Financial website ZeroHedge.com suggested the resolution “may one day be heralded as the formal proposal that proverbially started it all.” Urging all legislators to carefully read the legislation, the site commented: “Whether this resolution will ever get off the ground, and actually find that the world is at great risk should gold not be instituted as a backstop currency, is irrelevant. The mere fact that it is out there, should provide sufficient impetus to other states to consider the ultimate Plan B.”

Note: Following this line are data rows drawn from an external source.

(* Let $(L,\delta,\alpha,\beta)$, $(V,\mu,\alpha_V,\beta_V)$ and $(M,d',\alpha_M,\beta_M)$ be BiHom-Lie algebras and let $$E:\ 0\longrightarrow (V,\mu,\alpha_V,\beta_V)\xrightarrow{\ i\ }(M,d',\alpha_M,\beta_M)\xrightarrow{\ \pi\ }(L,\delta,\alpha,\beta)\longrightarrow 0$$ be a split extension of $L$ by $V$. Then there exist bilinear maps $\lambda_l\colon L\times V\to V$, $\lambda_r\colon V\times L\to V$, $\theta\colon L\times L\to V$ such that, with $d\colon (L\oplus V)^2\to L\oplus V$ defined by $$d(x+v,y+w)=\delta(x,y)+\theta(x,y)+\lambda_l(x,w)+\lambda_r(v,y)+\mu(v,w)\qquad(x,y\in L,\ v,w\in V),$$ the pair $(\lambda_l,\lambda_r)$ is a representation of $L$ on $(V,\alpha_V,\beta_V)$, $\theta$ is a $2$-cocycle of $L$ on $V$ with respect to it, and $$E_0:\ 0\longrightarrow (V,\mu,\alpha_V,\beta_V)\xrightarrow{\ i_0\ }(L\oplus V,d,\alpha+\alpha_V,\beta+\beta_V)\xrightarrow{\ \pi_0\ }(L,\delta,\alpha,\beta)\longrightarrow 0,$$ where $i_0(v)=v$ and $\pi_0(x+v)=x$, is a split extension of $L$ by $V$ which is equivalent to $E$.
   Context: All vector spaces are over a field $\mathbb{K}$. A BiHom-Lie algebra $(L,[\cdot,\cdot],\alpha,\beta)$ is a vector space $L$ with a bilinear map $[\cdot,\cdot]\colon L\times L\to L$ and linear maps $\alpha,\beta\colon L\to L$ such that $\alpha\circ\beta=\beta\circ\alpha$, $[\beta(x),\alpha(y)]=-[\beta(y),\alpha(x)]$, and $[\beta^2(x),[\beta(y),\alpha(z)]]+[\beta^2(y),[\beta(z),\alpha(x)]]+[\beta^2(z),[\beta(x),\alpha(y)]]=0$ for all $x,y,z$ ($\alpha,\beta$ need not be multiplicative). A morphism $f\colon(L,[\cdot,\cdot],\alpha,\beta)\to(L',[\cdot,\cdot]',\alpha',\beta')$ is a linear map with $f\circ\alpha=\alpha'\circ f$, $f\circ\beta=\beta'\circ f$, $f([x,y])=[f(x),f(y)]'$. A BiHom-subalgebra of $(M,d,\alpha_M,\beta_M)$ is a subspace $H$ with $\alpha_M(H)\subset H$, $\beta_M(H)\subset H$, $d(H,H)\subset H$. On $L\oplus V$, $\alpha+\alpha_V$ denotes $x+v\mapsto\alpha(x)+\alpha_V(v)$, similarly $\beta+\beta_V$. An extension of $(L,\delta,\alpha,\beta)$ by $(V,\mu,\alpha_V,\beta_V)$ is a sequence $0\to V\xrightarrow{i}M\xrightarrow{\pi}L\to0$ of BiHom-Lie algebras and morphisms with $i$ injective, $\pi$ surjective, $\mathrm{Im}(i)=\ker(\pi)$. It is split if there is a BiHom-subalgebra $S\subset M$ with $M=S\oplus\ker\pi$. Two extensions $0\to V_1\xrightarrow{i_1}M_1\xrightarrow{\pi_1}L_1\to0$ and $0\to V_2\xrightarrow{i_2}M_2\xrightarrow{\pi_2}L_2\to0$ are equivalent if there are linear maps $\varphi\colon V_1\to V_2$, $s\colon L_1\to L_2$ and an isomorphism of BiHom-Lie algebras $\Phi\colon M_1\to M_2$ with $\Phi\circ i_1=i_2\circ\varphi$ and $\pi_2\circ\Phi=s\circ\pi_1$. A representation of $(L,\delta,\alpha,\beta)$ on $(V,\alpha_V,\beta_V)$ (with $\alpha_V\beta_V=\beta_V\alpha_V$) is a pair of bilinear maps $\lambda_l\colon L\times V\to V$, $\lambda_r\colon V\times L\to V$ with, for all $x,y\in L$, $v\in V$: $\lambda_r(\beta_V(v),\alpha(y))=-\lambda_l(\beta(y),\alpha_V(v))$ and $\lambda_l(\beta^2(x),\lambda_l(\beta(y),\alpha_V(v)))+\lambda_l(\beta^2(y),\lambda_r(\beta_V(v),\alpha(x)))+\lambda_r(\beta_V^2(v),\delta(\beta(x),\alpha(y)))=0$. A $2$-cocycle of $L$ on $V$ with respect to it is a bilinear $\theta\colon L\times L\to V$ with $\theta(\beta(x),\alpha(y))=-\theta(\beta(y),\alpha(x))$ and $\theta(\beta^2(x),\delta(\beta(y),\alpha(z)))-\theta(\beta^2(y),\delta(\beta(x),\alpha(z)))+\theta(\beta^2(z),\delta(\beta(x),\alpha(y)))+\lambda_l(\beta^2(x),\theta(\beta(y),\alpha(z)))-\lambda_l(\beta^2(y),\theta(\beta(x),\alpha(z)))+\lambda_l(\beta^2(z),\theta(\beta(x),\alpha(y)))=0$ for all $x,y,z\in L$. *)

From HB Require Import structures.
From mathcomp Require Import all_boot all_order all_algebra.
Set Implicit Arguments. Unset Strict Implicit. Unset Printing Implicit Defensive.
Import GRing.Theory.
Local Open Scope ring_scope.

Similarly, GoldAlert.com, citing recent news of foreign governments considering transactions in gold, suggested “Virginia’s move could be the start of a growing trend around the world of various levels of government seeking to transact in a currency that is no individual’s debt and cannot be printed at the whim of central bankers.”
For now, the resolution has been referred to the Committee on Rules. How far it will go remains to be seen. But with other states considering similar measures and the dollar’s problems becoming increasingly obvious, prudent preparations for a potential catastrophe will only continue building steam.
Photo: The Virginia State Capitol is home to the Virginia General Assembly.